David Crosby – If I Could Only Remember My Name
Released February 22nd, 1971 on Atlantic Records
Produced by David Crosby
Peaked at #12 US, #12 UK
Singles:
“Music Is Love” (#95)
“Orleans” (#101)
David Crosby (recently referred to by Phoebe Bridgers as “a little bitch”) always seemed like the odd man out in Crosby, Stills, Nash and Young despite having top billing in the name. Stephen Stills and Neil Young were both in Buffalo Springfield, which broke up; Graham Nash left the Hollies to play with them, despite their commercial success. Crosby got kicked out of his band, The Byrds, for a variety of reasons: being a total drag to work with was one, but also his on-stage discussion at the Monterey Pop Festival that JFK’s assassination was a conspiracy and his insistence on writing songs like “Triad” (a steamy ode to threeway sex that would later be covered by the Jefferson Airplane). His new group was a major success but the sudden death of his girlfriend Christine Hinton in a car crash in 1969 led him to mire himself in deepening self-abuse, becoming addicted to drugs and, if the tales of CSNY’s tours in the early 1970s are to be believed, endless casual sex. As such, he skipped out on a lot of the mixed success that his bandmates had as solo artists through the remainder of the decade. His sole solo contribution was If I Could Only Remember My Name, released fifty years ago at the height of CSNY’s powers.

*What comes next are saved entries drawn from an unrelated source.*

(* Let $\hat q,\hat p$ be $n\times n$ parametric matrices and $M$ an $n\times n$ $(\hat q,\hat p)$-Manin matrix over $\mathfrak R$. Let $0\le r\le n$ and let $I=(i_1,\dots,i_r)$ and $K=(k_1,\dots,k_{n-r})$ be multi-indices, each with distinct entries from $\{1,\dots,n\}$. Then $$\varepsilon(\hat p,I\oplus K)\,\mathrm{cdet}_{\hat q}(M)=\sum_{J}\varepsilon(\hat q,J\oplus J^c)\,\mathrm{cdet}_{\hat q}(M_{JI})\,\mathrm{cdet}_{\hat q}(M_{J^c,K}),$$ where the sum is over all increasing multi-indices $J=(j_1<\dots<j_r)$ with entries in $\{1,\dots,n\}$, and $J^c$ is the increasing multi-index formed by the elements of $\{1,\dots,n\}\setminus J$.
   Context: $\mathfrak R$ is an associative unital algebra over $\mathbb C$. A parametric $n\times n$ matrix is a matrix $\hat q=(q_{ij})$ of nonzero complex numbers with $q_{ij}q_{ji}=1$, $q_{ii}=1$. An $n\times m$ matrix $M$ over $\mathfrak R$ is a $(\hat q,\hat p)$-Manin matrix ($\hat q$ $n\times n$, $\hat p$ $m\times m$ parametric) if $M_{ik}M_{jk}=q_{ji}M_{jk}M_{ik}$ for $i<j$ and all $k$, and $M_{ik}M_{jl}-q_{ji}p_{kl}M_{jl}M_{ik}+p_{kl}M_{il}M_{jk}-q_{ji}M_{jk}M_{il}=0$ for $i<j$, $k<l$. For multi-indices $I=(i_1,\dots,i_r)$, $K=(k_1,\dots,k_s)$, $I\oplus K=(i_1,\dots,i_r,k_1,\dots,k_s)$. For a multi-index $I$, $\varepsilon(\hat q,I)=0$ if two entries coincide, and otherwise $\varepsilon(\hat q,I)=\prod_{s<t,\ i_s>i_t}(-q_{i_si_t})$. For an increasing $I=(i_1<\dots<i_r)$ and $\sigma\in S_r$, $\varepsilon(\hat q,I,\sigma)=\prod_{s<t,\ \sigma(s)>\sigma(t)}(-q_{i_{\sigma(s)}i_{\sigma(t)}})$. For increasing $I=(i_1<\dots<i_r)$ and any multi-index $J=(j_1,\dots,j_r)$, $\mathrm{cdet}_{\hat q}(M_{IJ})=\sum_{\sigma\in S_r}\varepsilon(\hat q,I,\sigma)M_{i_{\sigma(1)},j_1}\cdots M_{i_{\sigma(r)},j_r}$; $\mathrm{cdet}_{\hat q}(M)$ is the case $I=J=(1,\dots,n)$. *)

From HB Require Import structures.
From mathcomp Require Import all_boot all_order all_algebra all_fingroup.
From mathcomp Require Import reals complex.
Set Implicit Arguments. Unset Strict Implicit. Unset Printing Implicit Defensive.
Import Order.TTheory GRing.Theory Num.Theory.
Local Open Scope ring_scope.

Section Defs.
Variable C : comNzRingType.

Definition parametric (n : nat) (q : 'M[C]_n) : Prop :=
  (forall i j, q i j != 0) /\ (forall i j, q i j * q j i = 1) /\ (forall i, q i i = 1).

Variable A : algType C.

Definition manin (n m : nat) (q : 'M[C]_n) (p : 'M[C]_m) (M : 'M[A]_(n, m)) : Prop :=
  (forall (i j : 'I_n) (k : 'I_m), (i < j)%N ->
      M i k * M j k = q j i *: (M j k * M i k)) /\
  (forall (i j : 'I_n) (k l : 'I_m), (i < j)%N -> (k < l)%N ->
      M i k * M j l - (q j i * p k l) *: (M j l * M i k)
      + p k l *: (M i l * M j k) - q j i *: (M j k * M i l) = 0).

Definition eps (n k : nat) (q : 'M[C]_n) (I : k.-tuple 'I_n) : C :=
  if uniq I then
    \prod_(s < k) \prod_(t < k | (s < t)%N && (tnth I t < tnth I s)%N)
       (- q (tnth I s) (tnth I t))
  else 0.

Definition eps_perm (n k : nat) (q : 'M[C]_n) (I : k.-tuple 'I_n) (s : 'S_k) : C :=
  \prod_(a < k) \prod_(b < k | (a < b)%N && (s b < s a)%N)
     (- q (tnth I (s a)) (tnth I (s b))).

Definition cdet (n m k : nat) (q : 'M[C]_n) (M : 'M[A]_(n, m))
    (I : k.-tuple 'I_n) (J : k.-tuple 'I_m) : A :=
  \sum_(s : 'S_k) eps_perm q I s *: \prod_(t < k) M (tnth I (s t)) (tnth J t).

End Defs.

Definition increasing (n k : nat) (J : k.-tuple 'I_n) : bool :=
  sorted (fun a b : 'I_n => (a < b)%N) J.

Definition compl_tuple (n r : nat) (J : r.-tuple 'I_n) : (n - r).-tuple 'I_n :=
  [tuple nth (widen_ord (leq_subr r n) i) [seq j <- enum 'I_n | j \notin J] i
     | i < n - r].

From HB Require Import structures.
From mathcomp Require Import all_boot all_order all_algebra all_fingroup.
From mathcomp Require Import reals complex.
From mathcomp Require Import zify.
Set Implicit Arguments. Unset Strict Implicit. Unset Printing Implicit Defensive.
Import Order.TTheory GRing.Theory Num.Theory.
Local Open Scope ring_scope.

It was panned at the time; Rolling Stone was unfavourable in their review and Christgau’s writeup in the Village Voice called it “disgraceful” and challenged his readers to come up with new names for David Crosby (like “Rocky Muzak”). Compared to CSNY records and some of the solo records his bandmates were putting out it’s meandering and uneven, seeming to take the long way around to say something, even if it was difficult to put a pin in exactly what. Time has been much more kind to it, however. The freak folk/New Weird America movement that crawled up out of 2003-2004 to bring us such acts as Bonnie “Prince” Billy, Devendra Banhart, and Animal Collective retconned a number of albums from the deep past that had been shoved aside at the time. One of those albums was If I Could Only Remember My Name, brought back to life by a collective of people for whom stoned psych-folk wasn’t just okay, it was life. The presence of spiritual father Jerry Garcia on several songs (most notably in the guitar work on the eight-minute epic “Cowboy Movie”) doesn’t hurt this at all, of course. Neither do appearances by Grace Slick, Phil Lesh, Joni Mitchell, and his CSNY bandmates. In a sense the album is a summit of the top minds of freaky California in the early 1970s, and as such the amiable wander the album takes is an inevitability. Do as its creator intended and spin a couple up before you put it on.
Also, as an aside, the Vatican’s official newspaper L’Osservatore Romano put out a list of the ten best pop albums and If I Could Only Remember My Name came in second, topped only by Revolver. This was Ratzinger’s Vatican and not Francis’. Did the writer know about all the *gestures vaguely toward David Crosby*? They had to have, right?